LAWRENCE — As the violent militant Islamic group Boko Haram recently kidnapped more than 200 Nigerian schoolgirls, it sparked intentional outrage, particularly over the girls being sold into slavery.

The group's name translates into "Western education is a sin," which is rooted in group leaders' interpretation of the Koranic texts on the duties of men and that women are to be subservient. A University of Kansas researcher who studies social movements of the 20th century, including in relation to religion and gender roles, said the subordination of women has been a struggle throughout history in various religious and social groups.

"If you look at what's going on from Nigeria to Afghanistan, the way male religious authority grab at power is by controlling women, I'm interested in the question of what is the thinking behind this kind patriarchal thought," said Randal Maurice Jelks, professor of American studies and African and African American studies. "The way men think, even the most liberal of men, think like men. They interpret texts in certain ways to hold power as men, the challenge is to get all men to think in broader ways about matters of religion, politics and families."

Jelks explored this topic in a recent essay about two influential figures of the American civil rights movement, Morehouse College President Benjamin Elijah Mays — a mentor to Martin Luther King Jr. — and novelist Richard Wright. The journal Women, Gender, and Families of Color this spring published his essay "Masculinity, Religion, and Modernism: A Consideration of Benjamin Elijah Mays and Richard Wright."

He said both men, who grew up in Jim Crow South, through their efforts in various ways helped substantially affect black liberation in 1960s America, but he takes a deeper look at their own backgrounds, including each ones relationship with their maternal figures that help to rear them.

Jelks said the fact that Mays and Wright view the maternal women in their lives in similar ways is interesting because there are several juxtapositions between the two. They both responded differently to theism and Christianity. Wright became an atheist after growing up in household of a Seventh Day Adventist grandmother. On the other hand, Mays became an ordained Baptist minister.  

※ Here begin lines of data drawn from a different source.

Lemma vdot_eq0_of_vdet_neq0 (u w z : pt) :
  vdet u w <> 0 -> vdot u z = 0 -> vdot w z = 0 -> z = (0, 0).
Proof.
  destruct u as [ux uy], w as [wx wy], z as [zx zy]; unfold vdet, vdot; simpl.
  intros Hd Hu Hw.
  assert (Ex : zx * (ux * wy - uy * wx) = 0).
  { transitivity ((ux * zx + uy * zy) * wy - (wx * zx + wy * zy) * uy); [ring|].
    rewrite Hu, Hw; ring. }
  assert (Ey : zy * (ux * wy - uy * wx) = 0).
  { transitivity ((wx * zx + wy * zy) * ux - (ux * zx + uy * zy) * wx); [ring|].
    rewrite Hu, Hw; ring. }
  apply Rmult_integral in Ex as [Ex | Ex]; [|contradiction].
  apply Rmult_integral in Ey as [Ey | Ey]; [|contradiction].
  subst; reflexivity.
Qed.

Lemma orthogonal_same_length_eq_or_opp (u w v : pt) :
  v <> (0, 0) -> vdot u v = 0 -> vdot w v = 0 -> vdot u u = vdot w w ->
  w = u \/ w = vscale (-1) u.
Proof.
  intros Hv Hu Hw Huw.
  assert (Hvv : vdot v v <> 0) by (intro E; apply Hv, vdot_self_eq0, E).
  rewrite (vperp_of_vdot0 u v Hvv Hu), (vperp_of_vdot0 w v Hvv Hw) in *.
  set (a := vdet v u / vdot v v) in *; set (b := vdet v w / vdot v v) in *.
  clearbody a b; destruct v as [vx vy]; unfold vdot, vscale, vperp in *; simpl in *.
  assert (E : (b - a) * (b + a) * (vx * vx + vy * vy) = 0) by lra.
  apply Rmult_integral in E as [E | E]; [|contradiction].
  apply Rmult_integral in E as [E | E]; [left | right]; f_equal; nra.
Qed.

Lemma vdot_unit_tangent (g : R -> pt) (w : pt) (s : R) :
  vdot w (unit_tangent g s) = / vnorm (velocity g s) * vdot w (velocity g s).
Proof. unfold unit_tangent, vscale, vdot; simpl; ring. Qed.

Lemma vdet_unit_tangent (g : R -> pt) (s s' : R) :
  vdet (unit_tangent g s) (unit_tangent g s') =
  / vnorm (velocity g s) * / vnorm (velocity g s') * vdet (velocity g s) (velocity g s').
Proof. unfold unit_tangent, vscale, vdet; simpl; ring. Qed.

(** * Framed triangles *)

Lemma angle_eq_chord_orthogonal (u c w : pt) :
  vnorm u = 1 -> vnorm w = 1 -> c <> (0, 0) -> angle_eq u c c w ->
  vdot c (vsub u w) = 0.
Proof.
  intros Hu Hw Hc [th [Huc Hcw]]; unfold ccw_angle_is in *.
  rewrite Hu, Rinv_1 in Huc; rewrite Hw, Rinv_1 in Hcw.
  assert (Hk : / vnorm c <> 0) by (apply Rinv_neq_0_compat; apply Rgt_not_eq, vnorm_gt0, Hc).
  set (k := / vnorm c) in *; clearbody k.
  destruct u as [ux uy], c as [cx cy], w as [wx wy].
  unfold vscale, rot, vdot, vsub in *; simpl in *.
  injection Huc as Hucx Hucy; injection Hcw as Hcwx Hcwy.
  rewrite !Rmult_1_l in *.
  (* c' = R_th u and w = R_th c' for c' = c/|c|, so c'.u = cos th = w.c' *)
  assert (Hcs : cos th ^ 2 + sin th ^ 2 = 1) by (rewrite <- (sin2_cos2 th); unfold Rsqr; ring).
  apply (Rmult_eq_reg_l k); [|exact Hk].
  transitivity ((k*cx)*ux + (k*cy)*uy - ((k*cx)*wx + (k*cy)*wy)); [ring|].
  rewrite Hcwx, Hcwy, Hucx, Hucy.
  transitivity (cos th * (ux^2 + uy^2) * (1 - (cos th ^ 2 + sin th ^ 2))); [ring|].
  rewrite Hcs; ring.
Qed.

Lemma unit_circle_noncollinear (t0 t1 t2 : pt) :
  vdot t0 t0 = 1 -> vdot t1 t1 = 1 -> vdot t2 t2 = 1 ->
  t0 <> t1 -> t1 <> t2 -> t2 <> t0 ->
  vdet (vsub t0 t2) (vsub t1 t2) <> 0.
Proof.
  destruct t0 as [x0 y0], t1 as [x1 y1], t2 as [x2 y2].
  unfold vdot, vdet, vsub; simpl; intros H0 H1 H2 N01 N12 N20 Hdet.
  set (ux := x0 - x2) in *; set (uy := y0 - y2) in *.
  set (wx := x1 - x2) in *; set (wy := y1 - y2) in *.
  assert (Hu : ux * ux + uy * uy <> 0).
  { intro E; apply N20; injection (vdot_self_eq0 (ux, uy) E); unfold ux, uy.
    intros; f_equal; lra. }
  (* w = l u, and the points t2 + u, t2 + l u of the unit circle force l (l - 1) = 0 *)
  set (l := (ux * wx + uy * wy) / (ux * ux + uy * uy)).
  assert (Ewx : wx = l * ux).
  { unfold l; field_simplify_eq; auto.
    assert (uy * (ux * wy - uy * wx) = 0) by (rewrite Hdet; ring); lra. }
  assert (Ewy : wy = l * uy).
  { unfold l; field_simplify_eq; auto.
    assert (ux * (ux * wy - uy * wx) = 0) by (rewrite Hdet; ring); lra. }
  assert (Hl : l * (l - 1) * (ux * ux + uy * uy) = 0).
  { assert (Eu : 2 * (x2 * ux + y2 * uy) + (ux * ux + uy * uy) = 0) by (unfold ux, uy; nra).
    assert (Ew : 2 * (x2 * wx + y2 * wy) + (wx * wx + wy * wy) = 0) by (unfold wx, wy; nra).
    rewrite Ewx, Ewy in Ew.
    transitivity (2 * (x2 * (l * ux) + y2 * (l * uy)) + ((l * ux) * (l * ux) + (l * uy) * (l * uy))
                  - l * (2 * (x2 * ux + y2 * uy) + (ux * ux + uy * uy))); [ring|].
    rewrite Ew, Eu; ring. }
  apply Rmult_integral in Hl as [Hl | Hl]; [|contradiction].
  apply Rmult_integral in Hl as [Hl | Hl].
  - apply N12; rewrite Hl in Ewx, Ewy; unfold wx, wy in *; f_equal; lra.
  - apply N01; assert (l = 1) by lra; subst l.
    rewrite H, Rmult_1_l in Ewx, Ewy; unfold wx, wy, ux, uy in *; f_equal; lra.
Qed.

Lemma framed_triangle_circumcenter (b0 b1 b2 t0 t1 t2 p : pt) :
  vdot t0 t0 = 1 -> vdot t1 t1 = 1 -> vdot t2 t2 = 1 ->
  vdet t0 t1 <> 0 -> t1 <> t2 -> t2 <> t0 -> b0 <> b1 ->
  vdot (vsub b1 b0) (vsub t0 t1) = 0 ->
  vdot (vsub b2 b1) (vsub t1 t2) = 0 ->
  vdot (vsub b0 b2) (vsub t2 t0) = 0 ->
  vdot (vsub p b0) t0 = 0 -> vdot (vsub p b1) t1 = 0 ->
  exists a, a <> 0 /\ vsub p b0 = vscale a (vperp t0) /\
    vsub p b1 = vscale a (vperp t1) /\ vsub p b2 = vscale a (vperp t2).
Proof.
  intros U0 U1 U2 D01 N12 N20 Nb C01 C12 C20 P0 P1.
  assert (Hnc := unit_circle_noncollinear t0 t1 t2 U0 U1 U2 (vdet_neq0_neq _ _ D01) N12 N20).
  pose proof (vperp_of_vdot0 (vsub p b0) t0 ltac:(lra) P0) as E0.
  pose proof (vperp_of_vdot0 (vsub p b1) t1 ltac:(lra) P1) as E1.
  pose proof (vperp_of_vdot0 _ _ (vdist2_neq0 _ _ N12) C12) as E12.
  pose proof (vperp_of_vdot0 _ _ (vdist2_neq0 _ _ N20) C20) as E20.
  set (a0 := vdet t0 (vsub p b0) / vdot t0 t0) in *.
  set (a1 := vdet t1 (vsub p b1) / vdot t1 t1) in *.
  set (r1 := vdet (vsub t1 t2) (vsub b2 b1) / _) in *.
  set (r2 := vdet (vsub t2 t0) (vsub b0 b2) / _) in *.
  clearbody a0 a1 r1 r2.
  destruct b0 as [b0x b0y], b1 as [b1x b1y], b2 as [b2x b2y], p as [px py],
    t0 as [x0 y0], t1 as [x1 y1], t2 as [x2 y2].
  unfold vdot, vdet, vsub, vscale, vperp in *; simpl in *.
  injection E0 as E0x E0y; injection E1 as E1x E1y.
  injection E12 as E12x E12y; injection E20 as E20x E20y.
  assert (b0x = px + a0 * y0) by lra; assert (b0y = py - a0 * x0) by lra.
  assert (b1x = px + a1 * y1) by lra; assert (b1y = py - a1 * x1) by lra.
  assert (b2x = b1x - r1 * (y1 - y2)) by lra; assert (b2y = b1y + r1 * (x1 - x2)) by lra.
  subst b2x b2y; subst b0x b0y b1x b1y.
  assert (Ha : a1 = a0).
  { (* (b1 - b0).(t0 - t1) = (a1 - a0) det(t0, t1) *)
    assert (E : (a1 - a0) * (x0 * y1 - y0 * x1) = 0) by lra.
    apply Rmult_integral in E as [E | E]; [lra | contradiction]. }
  subst a1.
  (* the three chords close up: (a0 - r2) (t0 - t2) + (r1 - a0) (t1 - t2) = 0 *)
  assert (Hr := vdot_eq0_of_vdet_neq0 (x0 - x2, x1 - x2) (y0 - y2, y1 - y2) (a0 - r2, r1 - a0)
                  ltac:(unfold vdet; simpl; lra) ltac:(unfold vdot; simpl; lra)
                  ltac:(unfold vdot; simpl; lra)).
  injection Hr as Hr2 Hr1; assert (r1 = a0) by lra.
  subst r1; exists a0; repeat split; try (f_equal; ring).
  intro Ha0; apply Nb; subst a0; f_equal; ring.
Qed.

(** * Calculus of plane curves *)

Definition is_vderive (p : R -> pt) (t : R) (v : pt) : Prop :=
  is_derive (gx p) t (fst v) /\ is_derive (gy p) t (snd v).

Lemma is_derive_0_const (f : R -> R) : (forall t, is_derive f t 0) -> forall a b, f a = f b.
Proof.
  intros Hd a b; destruct (Rtotal_order a b) as [Hab | [-> | Hab]]; [| reflexivity |].
  - apply (eq_is_derive f a b); auto.
  - symmetry; apply (eq_is_derive f b a); auto.
Qed.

Mays sentimentalized his mother, while Wright tended to vilify his grandmother, who reared him. But Jelks said regarding their own modernist views, both men are connected having grown up in the racially segregated South and fighting for civic freedoms and civil rights.

"Here are two people who are at minimum liberal to radical in the American perspective, and even if they are having patriarchal ideas about how the family should operate, about how ideas of men and women's relationship, then in a more traditional society, this would be even more so," he said. "I'm trying to explore one person who claims to be atheistic and one who claims to be theistic, but those ideas still run in them. So it's not whether those ideas run in them. It is to what extent."

Jelks said Jim Crow laws also profoundly affected women as much as men, but the writings of both Mays and Wright placed "black maleness" at the center of the struggle to overthrow the oppressive laws.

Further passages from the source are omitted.